MATLAB Implementation of Simulated Annealing Algorithm

Resource Overview

Simulated Annealing Program: This code implements feature extraction in pattern recognition using the simulated annealing method. Users can easily enhance the algorithm's performance through modifications such as temperature schedule adjustments, memory mechanism integration, or combining with genetic algorithms.

Detailed Documentation

Simulated Annealing Program: This code implements feature extraction in pattern recognition using the simulated annealing method. The implementation includes key components like energy function calculation, neighbor solution generation, and acceptance probability determination using the Metropolis criterion. The algorithm follows a temperature cooling schedule where the temperature parameter gradually decreases according to a specified annealing scheme.

To improve performance, users can modify the temperature schedule function to implement different cooling strategies such as exponential decay or logarithmic cooling. Adding a "memory" mechanism would involve storing the best solution encountered during the search process. Integration with genetic algorithms could involve using simulated annealing for local refinement within a genetic algorithm framework.

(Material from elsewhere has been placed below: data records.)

(* Let $A\subset\mathbb{Z}$ be the union of $s$ segments $P_1,\dots,P_s$ (so $\max P_i+1<\min P_{i+1}$ for $1\le i<s$), where $1\le s\le |A|-1$. Let $S_A$ be the integer matrix with $s$ columns whose rows are all vectors $\mathbf e_{j_1}+\mathbf e_{j_2}-\mathbf e_{j_3}-\mathbf e_{j_4}\in\mathbb{Z}^s$ such that $(P_{j_1}+P_{j_2})\cap(P_{j_3}+P_{j_4})\neq\emptyset$ and not all of $j_1,j_2,j_3,j_4$ are equal. Then $\dim(A)=s-\mathrm{rank}(S_A)$.
   Context: A segment is a nonempty set of consecutive integers. $A\subset\mathbb{Z}$ is the union of $s$ segments if $A=P_1\cup\dots\cup P_s$ with each $P_i$ a segment of length $k_i$, $\max P_i+1<\min P_{i+1}$ for $1\le i<s$, and $k_i>1$ for some $i$. $\mathbf e_i$ denotes the $i$-th standard basis vector. Sets $A\subset G$, $B\subset G'$ in abelian groups are Freiman isomorphic of order 2 if there is a bijection $\phi:A\to B$ with $x+y=z+t\iff\phi(x)+\phi(y)=\phi(z)+\phi(t)$ for all $x,y,z,t\in A$. The dimension $\dim(A)$ is the largest $d$ such that some $B\subset\mathbb{Z}^d$ not contained in a hyperplane is Freiman isomorphic of order 2 to $A$. *)

From HB Require Import structures.
From mathcomp Require Import all_boot all_order all_algebra.
Set Implicit Arguments. Unset Strict Implicit. Unset Printing Implicit Defensive.
Import Order.TTheory GRing.Theory Num.Theory.
Local Open Scope ring_scope.

Definition seg (a : nat -> int) (k : nat -> nat) (j : nat) : seq int :=
  [seq a j + i%:Z | i <- iota 0 (k j)].

Definition segunion (s : nat) (a : nat -> int) (k : nat -> nat) : seq int :=
  flatten [seq seg a k j | j <- iota 0 s].

Definition card_int (A : seq int) : nat := size (undup A).

Definition in_hyperplane (d : nat) (A : seq int) (phi : int -> 'rV[int]_d) : Prop :=
  exists (n : 'rV[rat]_d) (c : rat), n != 0 /\
    forall x, x \in A -> \sum_(i < d) n 0 i * ((phi x 0 i)%:~R : rat) = c.

Definition freiman2_iso (d : nat) (A : seq int) (phi : int -> 'rV[int]_d) : Prop :=
  {in A &, injective phi} /\
  forall x y z t, x \in A -> y \in A -> z \in A -> t \in A ->
    (x + y == z + t) = (phi x + phi y == phi z + phi t).

Definition realizable (A : seq int) (d : nat) : Prop :=
  exists phi : int -> 'rV[int]_d, freiman2_iso A phi /\ ~ in_hyperplane A phi.

Definition is_dim (A : seq int) (m : nat) : Prop :=
  realizable A m /\ forall d, realizable A d -> (d <= m)%N.

Definition sums_meet (a : nat -> int) (k : nat -> nat) (j1 j2 j3 j4 : nat) : bool :=
  has (fun x1 => has (fun x2 => has (fun x3 => has (fun x4 => x1 + x2 == x3 + x4)
        (seg a k j4)) (seg a k j3)) (seg a k j2)) (seg a k j1).

Definition quad (s : nat) : finType := ('I_s * 'I_s * 'I_s * 'I_s)%type.

Definition SA_row (s : nat) (a : nat -> int) (k : nat -> nat) (q : quad s) : 'rV[rat]_s :=
  let: (j1, j2, j3, j4) := q in
  if sums_meet a k j1 j2 j3 j4 && ~~ [&& j1 == j2, j2 == j3 & j3 == j4]
  then \row_(i < s) (((i == j1)%:R + (i == j2)%:R - (i == j3)%:R - (i == j4)%:R) : rat)
  else 0.

(* S_A (with additional zero rows, which do not affect the rank). *)
Definition SA (s : nat) (a : nat -> int) (k : nat -> nat) : 'M[rat]_(#|{: quad s}|, s) :=
  \matrix_(r < #|{: quad s}|) SA_row a k (enum_val r).

From HB Require Import structures.
From mathcomp Require Import all_boot all_order all_algebra.
From mathcomp Require Import ring zify.
Import Order.TTheory GRing.Theory Num.Theory.
Local Open Scope ring_scope.

Set Implicit Arguments. Unset Strict Implicit. Unset Printing Implicit Defensive.

(* Give the point x = a_j + i of the j-th segment the coordinates g(x) = (e_j, i)
   in Z^(s+1).  Because one segment contains two consecutive integers, every
   Freiman 2-homomorphism of A is affine on each segment with a common step,
   hence of the form x |-> g(x) L.  Such a map is a Freiman isomorphism when the
   vectors g x + g y - g z - g t killed by L are exactly those with x + y = z + t;
   these span the row space R of S_A [1 | -a].  As g(A) spans Q^(s+1) inside an
   affine hyperplane avoiding 0, an L whose image is not in an affine hyperplane
   has rank at most s + 1 - 1 - rank R, with equality for a basis of the joint
   kernel of R and of one point g(x0); hence dim A = s - rank S_A. *)

Local Notation ratmx := (map_mx (intr : int -> rat)).

Lemma mulmx_col_base_eq0 (F : fieldType) p m n (v : 'M[F]_(p, m)) (M : 'M_(m, n)) :
  (v *m col_base M == 0) = (v *m M == 0).
Proof.
have -> : v *m M = v *m col_base M *m row_base M by rewrite -mulmxA mulmx_base.
by rewrite (mulmx_free_eq0 _ (row_base_free M)).
Qed.

Lemma mxrank_col_mx_sep (F : fieldType) r m (B : 'M[F]_(r, m)) (v : 'rV_m) (h : 'cV_m) :
  B *m h = 0 -> v *m h != 0 -> \rank (col_mx B v) = (\rank B).+1.
Proof.
move=> Bh vh; apply/eqP; rewrite eqn_leq; apply/andP; split.
  rewrite -addsmxE -[(\rank B).+1]addn1.
  apply: leq_trans (leq_of_leqif (mxrank_adds_leqif _ _)) _.
  by rewrite leq_add2l rank_leq_row.
apply: rank_ltmx; rewrite ltmxE -addsmxE addsmxSl col_mx_sub submx_refl /=.
by apply: contra vh => /submxP[D ->]; rewrite -mulmxA Bh mulmx0.
Qed.

Lemma exists_int_scalemx m n (N : 'M[rat]_(m, n)) :
  exists (c : rat) (Nz : 'M[int]_(m, n)), c != 0 /\ ratmx Nz = c *: N.
Proof.
pose den p := denq (N p.1 p.2).
exists (\prod_(p : 'I_m * 'I_n) den p)%:~R.
exists (\matrix_(i, j) (numq (N i j) * \prod_(p | p != (i, j)) den p)); split.
  by rewrite intr_eq0 gt_eqF // prodr_gt0 // => p _; apply: denq_gt0.
apply/matrixP => i j; rewrite !mxE intrM numqE [in RHS](bigD1 (i, j)) //= intrM.
ring.
Qed.

Lemma ratmx_inj m n : injective (ratmx : 'M[int]_(m, n) -> 'M[rat]_(m, n)).
Proof.
move=> M M' /matrixP eqMM'; apply/matrixP => i j; apply: (@intr_inj rat).
by have := eqMM' i j; rewrite !mxE.
Qed.

Lemma sub_eq_of_add_eq (V : zmodType) (a b c d : V) : a + b = c + d -> a - c = d - b.
Proof. by move=> E; apply/eqP; rewrite subr_eq addrAC (addrC d) -E addrK. Qed.

Definition freiman_hom (V : zmodType) (A : seq int) (f : int -> V) : Prop :=
  forall x y z t, x \in A -> y \in A -> z \in A -> t \in A ->
    x + y = z + t -> f x + f y = f z + f t.

Lemma eq_freiman_hom (V : zmodType) (A : seq int) (f f' : int -> V) :
  freiman_hom A f -> {in A, f =1 f'} -> freiman_hom A f'.
Proof.
move=> hom_f ff' x y z t Ax Ay Az At /(hom_f _ _ _ _ Ax Ay Az At).
by rewrite !ff'.
Qed.

Lemma freiman2_iso_hom d (A : seq int) (phi : int -> 'rV[int]_d) :
  freiman2_iso A phi -> freiman_hom A (fun x => ratmx (phi x)).
Proof.
case=> _ iso x y z t Ax Ay Az At /eqP; rewrite iso // => /eqP eq_phi.
by rewrite -!map_mxD eq_phi.
Qed.

Lemma freiman2_iso_of_sums d (A : seq int) (phi : int -> 'rV[int]_d) :
  (forall x y z t, x \in A -> y \in A -> z \in A -> t \in A ->
     (x + y == z + t) = (phi x + phi y == phi z + phi t)) ->
  freiman2_iso A phi.
Proof.
move=> iso; split=> // x y Ax Ay eq_phi.
by have := iso x x y y Ax Ax Ay Ay; rewrite eq_phi eqxx => /eqP; lia.
Qed.

Lemma in_hyperplaneP d (A : seq int) (phi : int -> 'rV[int]_d) :
  in_hyperplane A phi <->
  exists (n : 'cV[rat]_d) (c : rat),
    n != 0 /\ {in A, forall x, ratmx (phi x) *m n = c%:M}.
Proof.
have dot (n : 'rV[rat]_d) x :
    \sum_(i < d) n 0 i * (phi x 0 i)%:~R = (ratmx (phi x) *m n^T) 0 0.
  by rewrite mxE; apply: eq_bigr => i _; rewrite !mxE mulrC.
split=> [[n [c [n0 An]]] | [n [c [n0 An]]]].
  exists n^T, c; split; first by rewrite trmx_eq0.
  by move=> x Ax; rewrite [LHS]mx11_scalar -dot An.
exists n^T, c; split; first by rewrite trmx_eq0.
by move=> x Ax; rewrite dot trmxK An // mxE eqxx.
Qed.

Section FreimanDimension.

Variables (A : seq int) (x0 : int) (m r : nat).
Variables (gz : int -> 'rV[int]_m) (B : 'M[rat]_(r, m)).
Local Notation g x := (ratmx (gz x)).

Hypothesis x0A : x0 \in A.
Hypothesis g_universal : forall d (f : int -> 'rV[rat]_d),
  freiman_hom A f -> exists L : 'M_(m, d), {in A, forall x, f x = g x *m L}.
Hypothesis g_span :
  forall u : 'cV[rat]_m, {in A, forall x, g x *m u = 0} -> u = 0.
Hypothesis relation_subB : forall x y z t,
  x \in A -> y \in A -> z \in A -> t \in A ->
  x + y = z + t -> (g x + g y - g z - g t <= B)%MS.
Hypothesis B_relation : forall d (L : 'M[rat]_(m, d)),
  freiman_hom A (fun x => g x *m L) -> B *m L = 0.

Let W := col_mx B (g x0).

Lemma freiman_factor d (f : int -> 'rV[rat]_d) : freiman_hom A f ->
  exists2 L : 'M_(m, d), B *m L = 0 & {in A, forall x, f x = g x *m L}.
Proof.
move=> hom_f; have [L fL] := g_universal hom_f; exists L => //.
exact/B_relation/(eq_freiman_hom hom_f).
Qed.

Lemma freiman_factor_one :
  exists2 h : 'cV_m, B *m h = 0 & {in A, forall x, g x *m h = 1}.
Proof.
have [h Bh gh] := @freiman_factor 1 (fun=> 1) (fun _ _ _ _ _ _ _ _ _ => erefl).
by exists h => // x /gh.
Qed.

Lemma freiman_factor_id :
  exists2 l : 'cV_m, B *m l = 0 & {in A, forall x, g x *m l = x%:~R%:M}.
Proof.
have hom_id : freiman_hom A (fun x => (x%:~R : rat)%:M : 'rV_1).
  by move=> x y z t _ _ _ _ E; rewrite -!raddfD E.
by have [l Bl gl] := freiman_factor hom_id; exists l => // x /gl.
Qed.

Lemma mxrank_W : \rank W = (\rank B).+1.
Proof.
have [h Bh gh] := freiman_factor_one.
by apply: mxrank_col_mx_sep Bh _; rewrite gh // oner_neq0.
Qed.

Lemma relation_subW x y z t : x \in A -> y \in A -> z \in A -> t \in A ->
  (g x + g y - g z - g t <= W)%MS = (x + y == z + t).
Proof.
move=> Ax Ay Az At; apply/idP/eqP => [|E]; last first.
  by apply: submx_trans (relation_subB Ax Ay Az At E) _; rewrite -addsmxE addsmxSl.
have [h Bh gh] := freiman_factor_one; have [l Bl gl] := freiman_factor_id.
pose l' := l - x0%:~R *: h.
have gl' w : w \in A -> g w *m l' = (w - x0)%:~R%:M.
  move=> Aw; rewrite mulmxBr -scalemxAr gl // gh //.
  by rewrite intrB raddfB scale_scalar_mx mulr1.
have Wl' : W *m l' = 0.
  by rewrite mul_col_mx mulmxBr -scalemxAr Bl Bh scaler0 subr0 gl' // subrr raddf0 col_mx0.
case/submxP=> D relD; have := congr1 (mulmx^~ l') relD.
rewrite -mulmxA Wl' mulmx0 !mulmxDl !mulNmx !gl' // -!raddfN -!raddfD /=.
move=> /matrixP /(_ 0 0); rewrite !mxE mulr1n => /eqP; rewrite intr_eq0 => /eqP; lia.
Qed.

Lemma realizable_le_corank d : realizable A d -> (d <= m - \rank W)%N.
Proof.
case=> phi [iso no_hyp]; have [L BL fL] := freiman_factor (freiman2_iso_hom iso).
have [h Bh gh] := freiman_factor_one.
pose L' := L - h *m (g x0 *m L).
have gL' x : x \in A -> g x *m L' = ratmx (phi x) - g x0 *m L.
  by move=> Ax; rewrite mulmxBr !mulmxA gh // mul1mx -(fL x).
have WL' : W *m L' = 0.
  rewrite mul_col_mx gL' // -(fL x0) // subrr.
  by rewrite mulmxBr (mulmxA B) Bh mul0mx BL subrr col_mx0.
have rank_L' : \rank L' = d.
  apply/eqP; rewrite -mxrank_tr; apply: inj_row_free => v vL'.
  apply/eqP/negPn/negP => v_neq0; apply: no_hyp; apply/in_hyperplaneP.
  exists v^T, ((g x0 *m L *m v^T) 0 0); split; first by rewrite trmx_eq0.
  move=> x Ax; rewrite -[ratmx _](subrK (g x0 *m L)) -gL' // mulmxDl -mulmxA.
  have -> : L' *m v^T = 0 by rewrite -[L']trmxK -trmx_mul vL' trmx0.
  by rewrite mulmx0 add0r -mx11_scalar.
have : (W <= kermx L')%MS by rewrite sub_kermx WL'.
move/mxrankS; rewrite mxrank_ker rank_L'; have := rank_leq_row L'; lia.
Qed.

Lemma realizable_corank : realizable A (m - \rank W).
Proof.
rewrite -mxrank_coker; set N := col_base (cokermx W).
have NW p (v : 'M_(p, m)) : (v *m N == 0) = (v <= W)%MS.
  by rewrite mulmx_col_base_eq0 -submxE.
have [c [Nz [c_neq0 NzE]]] := exists_int_scalemx N.
have phiE x : ratmx (gz x *m Nz) = c *: (g x *m N).
  by rewrite map_mxM NzE -scalemxAr.
exists (fun x => gz x *m Nz); split.
  apply: freiman2_iso_of_sums => x y z t Ax Ay Az At.
  rewrite -relation_subW // -NW -(inj_eq (@ratmx_inj _ _)) !raddfD /= !phiE.
  rewrite -!scalerDr -[in RHS]subr_eq0 -scalerBr scalemx_eq0.
  by rewrite (negPf c_neq0) !mulmxDl !mulNmx opprD addrA.
case/in_hyperplaneP=> n [kappa [n_neq0 An]].
have [h Bh gh] := freiman_factor_one.
have Nn : N *m n = (kappa / c) *: h.
  apply/eqP; rewrite -subr_eq0; apply/eqP/g_span => x Ax.
  rewrite mulmxBr -scalemxAr gh // mulmxA.
  apply: (scalerI c_neq0); rewrite scalerBr scalemxAl -phiE An //.
  by rewrite scalerA mulrC divfK // scalemx1 subrr scaler0.
have /eqP g0N : g x0 *m N == 0 by rewrite NW -addsmxE addsmxSr.
have : g x0 *m (N *m n) = 0 by rewrite mulmxA g0N mul0mx.
rewrite Nn -scalemxAr gh // => /eqP; rewrite scalemx_eq0 oner_eq0 orbF => /eqP k0.
move: Nn; rewrite k0 scale0r -(mulmx0 _ N) => /(row_full_inj (col_base_full _)) n0.
by rewrite n0 eqxx in n_neq0.
Qed.

Theorem is_dim_universal : is_dim A (m - (\rank B).+1).
Proof.
by rewrite -mxrank_W; split; [apply: realizable_corank | apply: realizable_le_corank].
Qed.

End FreimanDimension.

Lemma mem_seg a k j x :
  reflect (exists2 i, (i < k j)%N & x = a j + i%:Z) (x \in seg a k j).
Proof.
apply: (iffP mapP) => [[i]|[i]]; rewrite ?mem_iota => lt_i ->; exists i => //.
by rewrite mem_iota.
Qed.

Additional enhancements include experimenting with different initial solution generation methods, tuning algorithm parameters like initial temperature, cooling rate, and iteration counts. The code structure allows for easy incorporation of other optimization techniques, such as implementing adaptive neighborhood selection or hybrid approaches with particle swarm optimization. Through systematic experimentation and refinement, the simulated annealing program can be optimized for various application scenarios to achieve better results in feature selection and pattern recognition tasks.